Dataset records
(* H~, X~^- and X~^+ := X^+ + omega^+ all have the shape A (x) 1 + 1 (x) D, with A a constant
   matrix and D a first-order scalar differential operator, so each commutator of two of them
   splits into a matrix commutator computed in the Clifford algebra and a commutator of scalar
   differential operators.  This gives the sl(2) relations [H~, X~^-] = -X~^- and
   [X~^+, X~^-] = 2 H~, and shows that X~^- commutes with the Dirac operator.  F_0 is monogenic
   of weight k + 1/2 and killed by X~^+, so the F_j are monogenic of weight k + 1/2 - j, and
   X~^+ F_(j+1) = (j+1)(2k+1-j) F_j keeps F_0, ..., F_(2k+1) nonzero; having distinct weights
   they are independent.  They span because a monogenic polynomial of degree k is determined by
   its 2k+2 coefficients at monomials free of x3. *)

Definition iP : Pol := 'i%:MP.

Lemma mulPii : iP * iP = -1.
Proof. by rewrite /iP -mpolyCM mulCii mpolyCN. Qed.

Lemma mderiv_var (i j : 'I_3) : mderiv i ('X_j : Pol) = (j == i)%:R.
Proof.
rewrite mderivX mnm1E; case: eqP => [->|_]; last by rewrite scale0r.
have -> : (U_(i) - U_(i) = 0)%MM by apply/mnmP => l; rewrite !mnmE subnn.
by rewrite mpolyX0 scale1r.
Qed.

Lemma mderiv_iP i : mderiv i iP = 0. Proof. exact: mderivC. Qed.

Lemma mderiv_nat i n : mderiv i (n%:R : Pol) = 0.
Proof. by rewrite -mpolyC_nat mderivC. Qed.

Ltac mderiv_simpl :=
  rewrite /x1 /x2 /x3 -?/iP;
  repeat progress rewrite ?mderivD ?mderivB ?mderivN ?mderivM ?mderiv_iP ?mderiv_nat ?mderiv_var /=;
  rewrite ?(mderiv_comm i1 i2) ?(mderiv_comm i1 i3) ?(mderiv_comm i2 i3).

(* The scalar parts of X~^-, X~^+ and H~: in real coordinates X^- = 2 x3 d/dzbar - z d/dx3,
   X^+ = -2 x3 d/dz + zbar d/dx3 and -i (x2 d/dx1 - x1 d/dx2). *)
Definition Xm_pol (p : Pol) : Pol :=
  x3 * (mderiv i1 p + iP * mderiv i2 p) - zz * mderiv i3 p.
Definition Xp_pol (p : Pol) : Pol :=
  zbar * mderiv i3 p - x3 * (mderiv i1 p - iP * mderiv i2 p).
Definition H_pol (p : Pol) : Pol := - iP * (x2 * mderiv i1 p - x1 * mderiv i2 p).

Lemma H_Xm_pol p : H_pol (Xm_pol p) - Xm_pol (H_pol p) = - Xm_pol p.
Proof. rewrite /H_pol /Xm_pol /zz; mderiv_simpl; ring: mulPii. Qed.

Lemma Xp_Xm_pol p : Xp_pol (Xm_pol p) - Xm_pol (Xp_pol p) = 2%:R * H_pol p.
Proof. rewrite /H_pol /Xm_pol /Xp_pol /zz /zbar; mderiv_simpl; ring: mulPii. Qed.

Lemma mderiv1_Xm_pol p : mderiv i1 (Xm_pol p) - Xm_pol (mderiv i1 p) = - mderiv i3 p.
Proof. rewrite /Xm_pol /zz; mderiv_simpl; ring. Qed.

Lemma mderiv2_Xm_pol p :
  mderiv i2 (Xm_pol p) - Xm_pol (mderiv i2 p) = - (iP * mderiv i3 p).
Proof. rewrite /Xm_pol /zz; mderiv_simpl; ring. Qed.

Lemma mderiv3_Xm_pol p :
  mderiv i3 (Xm_pol p) - Xm_pol (mderiv i3 p) = mderiv i1 p + iP * mderiv i2 p.
Proof. rewrite /Xm_pol /zz; mderiv_simpl; ring. Qed.

Lemma mderiv_exp i (p : Pol) n : mderiv i (p ^+ n) = n%:R * p ^+ n.-1 * mderiv i p.
Proof.
elim: n => [|n IH]; first by rewrite expr0 -mpolyC1 mderivC !mul0r.
rewrite exprS mderivM IH; case: n {IH} => [|n] /=; first by rewrite expr0 !mul0r; ring.
by rewrite exprS mulrS; ring.
Qed.

Lemma mderiv1_zbar : mderiv i1 zbar = 1. Proof. by rewrite /zbar; mderiv_simpl; ring. Qed.
Lemma mderiv2_zbar : mderiv i2 zbar = - iP. Proof. by rewrite /zbar; mderiv_simpl; ring. Qed.
Lemma mderiv3_zbar : mderiv i3 zbar = 0. Proof. by rewrite /zbar; mderiv_simpl; ring. Qed.

Lemma H_pol_zbar_exp n : H_pol (zbar ^+ n) = n%:R * zbar ^+ n.
Proof.
rewrite /H_pol !mderiv_exp mderiv1_zbar mderiv2_zbar; case: n => [|n] /=; first by ring.
by rewrite exprSr /zbar; ring: mulPii.
Qed.

Lemma Xp_pol_zbar_exp n : Xp_pol (zbar ^+ n) = 0.
Proof. by rewrite /Xp_pol !mderiv_exp mderiv1_zbar mderiv2_zbar mderiv3_zbar; ring: mulPii. Qed.

Lemma zbar_neq0 : zbar != 0.
Proof. by apply: contra_eqN mderiv1_zbar => /eqP ->; rewrite mderiv0 eq_sym oner_eq0. Qed.

Definition clinear (f : Pol -> Pol) : Prop :=
  forall (a : algC) (p q : Pol), f (a%:MP * p + q) = a%:MP * f p + f q.

Section CLinear.
Context {f : Pol -> Pol} (f_lin : clinear f).

Lemma clinear0 : f 0 = 0.
Proof.
by have := f_lin (-1) 0 0; rewrite mulr0 addr0 mpolyCN mpolyC1 mulN1r addNr.
Qed.

Lemma clinearD p q : f (p + q) = f p + f q.
Proof. by have := f_lin 1 p q; rewrite mpolyC1 !mul1r. Qed.

Lemma clinearZ a p : f (a%:MP * p) = a%:MP * f p.
Proof. by have := f_lin a p 0; rewrite !addr0 clinear0 addr0. Qed.

End CLinear.

Lemma clinear_mderiv i : clinear (mderiv i).
Proof. by move=> a p q; rewrite mderivD mderiv_mulC. Qed.

Lemma clinear_Xm_pol : clinear Xm_pol.
Proof. by move=> a p q; rewrite /Xm_pol !mderivD !mderiv_mulC; ring. Qed.

Lemma clinear_Xp_pol : clinear Xp_pol.
Proof. by move=> a p q; rewrite /Xp_pol !mderivD !mderiv_mulC; ring. Qed.

Lemma clinear_H_pol : clinear H_pol.
Proof. by move=> a p q; rewrite /H_pol !mderivD !mderiv_mulC; ring. Qed.

Lemma sum_ord2 (V : nmodType) (G : 'I_2 -> V) : \sum_(s < 2) G s = G 0 + G 1.
Proof. by rewrite !big_ord_recl big_ord0 addr0; congr (G _ + G _); apply/val_inj. Qed.

Ltac entrywise :=
  apply/matrixP => ? ?;
  rewrite ?(mxE, sum_ord2, mpolyCD, mpolyCB, mpolyCM, mpolyCN, mpolyC0, mpolyC1).

Lemma scSA a b (P : SPol) : scS a (scS b P) = scS (a * b) P.
Proof. by rewrite /scS scalerA mpolyCM. Qed.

▸ **Activity**: Every record should be printed again exactly as it reads.

▸ **Solution for this exercise**:
(* H~, X~^- and X~^+ := X^+ + omega^+ all have the shape A (x) 1 + 1 (x) D, with A a constant
   matrix and D a first-order scalar differential operator, so each commutator of two of them
   splits into a matrix commutator computed in the Clifford algebra and a commutator of scalar
   differential operators.  This gives the sl(2) relations [H~, X~^-] = -X~^- and
   [X~^+, X~^-] = 2 H~, and shows that X~^- commutes with the Dirac operator.  F_0 is monogenic
   of weight k + 1/2 and killed by X~^+, so the F_j are monogenic of weight k + 1/2 - j, and
   X~^+ F_(j+1) = (j+1)(2k+1-j) F_j keeps F_0, ..., F_(2k+1) nonzero; having distinct weights
   they are independent.  They span because a monogenic polynomial of degree k is determined by
   its 2k+2 coefficients at monomials free of x3. *)

Definition iP : Pol := 'i%:MP.

Lemma mulPii : iP * iP = -1.
Proof. by rewrite /iP -mpolyCM mulCii mpolyCN. Qed.

Lemma mderiv_var (i j : 'I_3) : mderiv i ('X_j : Pol) = (j == i)%:R.
Proof.
rewrite mderivX mnm1E; case: eqP => [->|_]; last by rewrite scale0r.
have -> : (U_(i) - U_(i) = 0)%MM by apply/mnmP => l; rewrite !mnmE subnn.
by rewrite mpolyX0 scale1r.
Qed.

Lemma mderiv_iP i : mderiv i iP = 0. Proof. exact: mderivC. Qed.

Lemma mderiv_nat i n : mderiv i (n%:R : Pol) = 0.
Proof. by rewrite -mpolyC_nat mderivC. Qed.

Ltac mderiv_simpl :=
  rewrite /x1 /x2 /x3 -?/iP;
  repeat progress rewrite ?mderivD ?mderivB ?mderivN ?mderivM ?mderiv_iP ?mderiv_nat ?mderiv_var /=;
  rewrite ?(mderiv_comm i1 i2) ?(mderiv_comm i1 i3) ?(mderiv_comm i2 i3).

(* The scalar parts of X~^-, X~^+ and H~: in real coordinates X^- = 2 x3 d/dzbar - z d/dx3,
   X^+ = -2 x3 d/dz + zbar d/dx3 and -i (x2 d/dx1 - x1 d/dx2). *)
Definition Xm_pol (p : Pol) : Pol :=
  x3 * (mderiv i1 p + iP * mderiv i2 p) - zz * mderiv i3 p.
Definition Xp_pol (p : Pol) : Pol :=
  zbar * mderiv i3 p - x3 * (mderiv i1 p - iP * mderiv i2 p).
Definition H_pol (p : Pol) : Pol := - iP * (x2 * mderiv i1 p - x1 * mderiv i2 p).

Lemma H_Xm_pol p : H_pol (Xm_pol p) - Xm_pol (H_pol p) = - Xm_pol p.
Proof. rewrite /H_pol /Xm_pol /zz; mderiv_simpl; ring: mulPii. Qed.

Lemma Xp_Xm_pol p : Xp_pol (Xm_pol p) - Xm_pol (Xp_pol p) = 2%:R * H_pol p.
Proof. rewrite /H_pol /Xm_pol /Xp_pol /zz /zbar; mderiv_simpl; ring: mulPii. Qed.

Lemma mderiv1_Xm_pol p : mderiv i1 (Xm_pol p) - Xm_pol (mderiv i1 p) = - mderiv i3 p.
Proof. rewrite /Xm_pol /zz; mderiv_simpl; ring. Qed.

Lemma mderiv2_Xm_pol p :
  mderiv i2 (Xm_pol p) - Xm_pol (mderiv i2 p) = - (iP * mderiv i3 p).
Proof. rewrite /Xm_pol /zz; mderiv_simpl; ring. Qed.

Lemma mderiv3_Xm_pol p :
  mderiv i3 (Xm_pol p) - Xm_pol (mderiv i3 p) = mderiv i1 p + iP * mderiv i2 p.
Proof. rewrite /Xm_pol /zz; mderiv_simpl; ring. Qed.

Lemma mderiv_exp i (p : Pol) n : mderiv i (p ^+ n) = n%:R * p ^+ n.-1 * mderiv i p.
Proof.
elim: n => [|n IH]; first by rewrite expr0 -mpolyC1 mderivC !mul0r.
rewrite exprS mderivM IH; case: n {IH} => [|n] /=; first by rewrite expr0 !mul0r; ring.
by rewrite exprS mulrS; ring.
Qed.

Lemma mderiv1_zbar : mderiv i1 zbar = 1. Proof. by rewrite /zbar; mderiv_simpl; ring. Qed.
Lemma mderiv2_zbar : mderiv i2 zbar = - iP. Proof. by rewrite /zbar; mderiv_simpl; ring. Qed.
Lemma mderiv3_zbar : mderiv i3 zbar = 0. Proof. by rewrite /zbar; mderiv_simpl; ring. Qed.

Lemma H_pol_zbar_exp n : H_pol (zbar ^+ n) = n%:R * zbar ^+ n.
Proof.
rewrite /H_pol !mderiv_exp mderiv1_zbar mderiv2_zbar; case: n => [|n] /=; first by ring.
by rewrite exprSr /zbar; ring: mulPii.
Qed.

Lemma Xp_pol_zbar_exp n : Xp_pol (zbar ^+ n) = 0.
Proof. by rewrite /Xp_pol !mderiv_exp mderiv1_zbar mderiv2_zbar mderiv3_zbar; ring: mulPii. Qed.

Lemma zbar_neq0 : zbar != 0.
Proof. by apply: contra_eqN mderiv1_zbar => /eqP ->; rewrite mderiv0 eq_sym oner_eq0. Qed.

Definition clinear (f : Pol -> Pol) : Prop :=
  forall (a : algC) (p q : Pol), f (a%:MP * p + q) = a%:MP * f p + f q.

Section CLinear.
Context {f : Pol -> Pol} (f_lin : clinear f).

Lemma clinear0 : f 0 = 0.
Proof.
by have := f_lin (-1) 0 0; rewrite mulr0 addr0 mpolyCN mpolyC1 mulN1r addNr.
Qed.

Lemma clinearD p q : f (p + q) = f p + f q.
Proof. by have := f_lin 1 p q; rewrite mpolyC1 !mul1r. Qed.

Lemma clinearZ a p : f (a%:MP * p) = a%:MP * f p.
Proof. by have := f_lin a p 0; rewrite !addr0 clinear0 addr0. Qed.

End CLinear.

Lemma clinear_mderiv i : clinear (mderiv i).
Proof. by move=> a p q; rewrite mderivD mderiv_mulC. Qed.

Lemma clinear_Xm_pol : clinear Xm_pol.
Proof. by move=> a p q; rewrite /Xm_pol !mderivD !mderiv_mulC; ring. Qed.

Lemma clinear_Xp_pol : clinear Xp_pol.
Proof. by move=> a p q; rewrite /Xp_pol !mderivD !mderiv_mulC; ring. Qed.

Lemma clinear_H_pol : clinear H_pol.
Proof. by move=> a p q; rewrite /H_pol !mderivD !mderiv_mulC; ring. Qed.

Lemma sum_ord2 (V : nmodType) (G : 'I_2 -> V) : \sum_(s < 2) G s = G 0 + G 1.
Proof. by rewrite !big_ord_recl big_ord0 addr0; congr (G _ + G _); apply/val_inj. Qed.

Ltac entrywise :=
  apply/matrixP => ? ?;
  rewrite ?(mxE, sum_ord2, mpolyCD, mpolyCB, mpolyCM, mpolyCN, mpolyC0, mpolyC1).

Lemma scSA a b (P : SPol) : scS a (scS b P) = scS (a * b) P.
Proof. by rewrite /scS scalerA mpolyCM. Qed.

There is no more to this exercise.